Le halo, dans ce qu’il possède de fulgurances indisciplinées,

est également une passerelle vers un autre domaine, très en

vogue dans le cyclisme actuel. Il rappelle les flux d’air observés

sur les écrans des ordinateurs quand le coureur se prête aux tests

en soufflerie pour améliorer son aérodynamisme. Les sportifs

sont-ils devenus des rats de laboratoire ? C’est peut-être une

question à laquelle nous demande de réfléchir aussi Sergio

Castoldi.

Plusieurs œuvres s’appuient sur un fond qui, au premier

abord, suggère un lacis de pneumatiques, comme un tas de

vieux boyaux que l’on laissait sécher auparavant dans les

greniers pour les rendre plus résistants.
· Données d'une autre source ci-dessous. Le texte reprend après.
Lemma burnside_map_onto x : exists p, beq (burnside_map p) x.
Proof.
rewrite (monalgE x); apply: (big_ind (fun y => exists p, beq (burnside_map p) y)).
- by exists 0; rewrite raddf0; apply: beq_refl.
- by move=> y z [p beq_p] [q beq_q]; exists (p + q); rewrite raddfD; apply: beqD.
- move=> Q _; have [p beq_p] := burnside_map_bsym Q.
  by exists (p *~ x@_Q); rewrite raddfMz bsymZ; apply: beqMz.
Qed.

Lemma burnside_map1 : beq (burnside_map 1) (bsym qpt).
Proof.
have -> : (1 : ZQpri) = << seq_cmonom [::] >> by rewrite /seq_cmonom big_nil.
by rewrite burnside_mapU; apply: beq_iso (monom_quandle_seq [::]).
Qed.

Lemma burnside_map_var i : beq (burnside_map (var i)) (bsym (val i)).
Proof.
rewrite /var burnside_mapU; apply: beq_iso.
have -> : ucm i = seq_cmonom [:: i] by rewrite /seq_cmonom big_seq1.
exact: qiso_trans (monom_quandle_seq [:: i]) (qprod_pt _).
Qed.

Theorem theorem7p9 :
  exists phi : ZQpri -> FB,
    [/\ (forall p q, beq (phi (p + q)) (phi p + phi q)),
        (forall p q, beq (phi (p * q)) (bmul (phi p) (phi q))),
        beq (phi 1) (bsym qpt),
        (forall i : Qpri, beq (phi (var i)) (bsym (val i)))
      & (forall x : FB, exists p : ZQpri, beq (phi p) x)].
Proof.
exists burnside_map; split.
- by move=> p q; rewrite raddfD; apply: beq_refl.
- exact: burnside_mapM.
- exact: burnside_map1.
- exact: burnside_map_var.
- exact: burnside_map_onto.
Qed.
Mais quand notre œil se

perd dans ces entrelacs, on se surprend à voyager à l’échelle de

l’infiniment petit : nous voilà molécules dans les filaments des

fibres musculaires. D’ailleurs, Sergio Castoldi apporte toujours

un soin particulier à dessiner les muscles, les seuls à échapper à

une forme d’abstraction. Des muscles… humains. Vibrionnants,

élastiques, fragiles et beaux. Ils agissent en contraste avec le

reste du corps, qui tient plus de la machine que de l’homme.

C’est peint avec la précision chirurgicale d’un anatomiste,

mais le coureur est devenu un androïde, comme si les conditions

de son sport en avaient fait un être bionique, mi-homme, mi-

robot. Le mariage insensé de l’organique et de la mécanique.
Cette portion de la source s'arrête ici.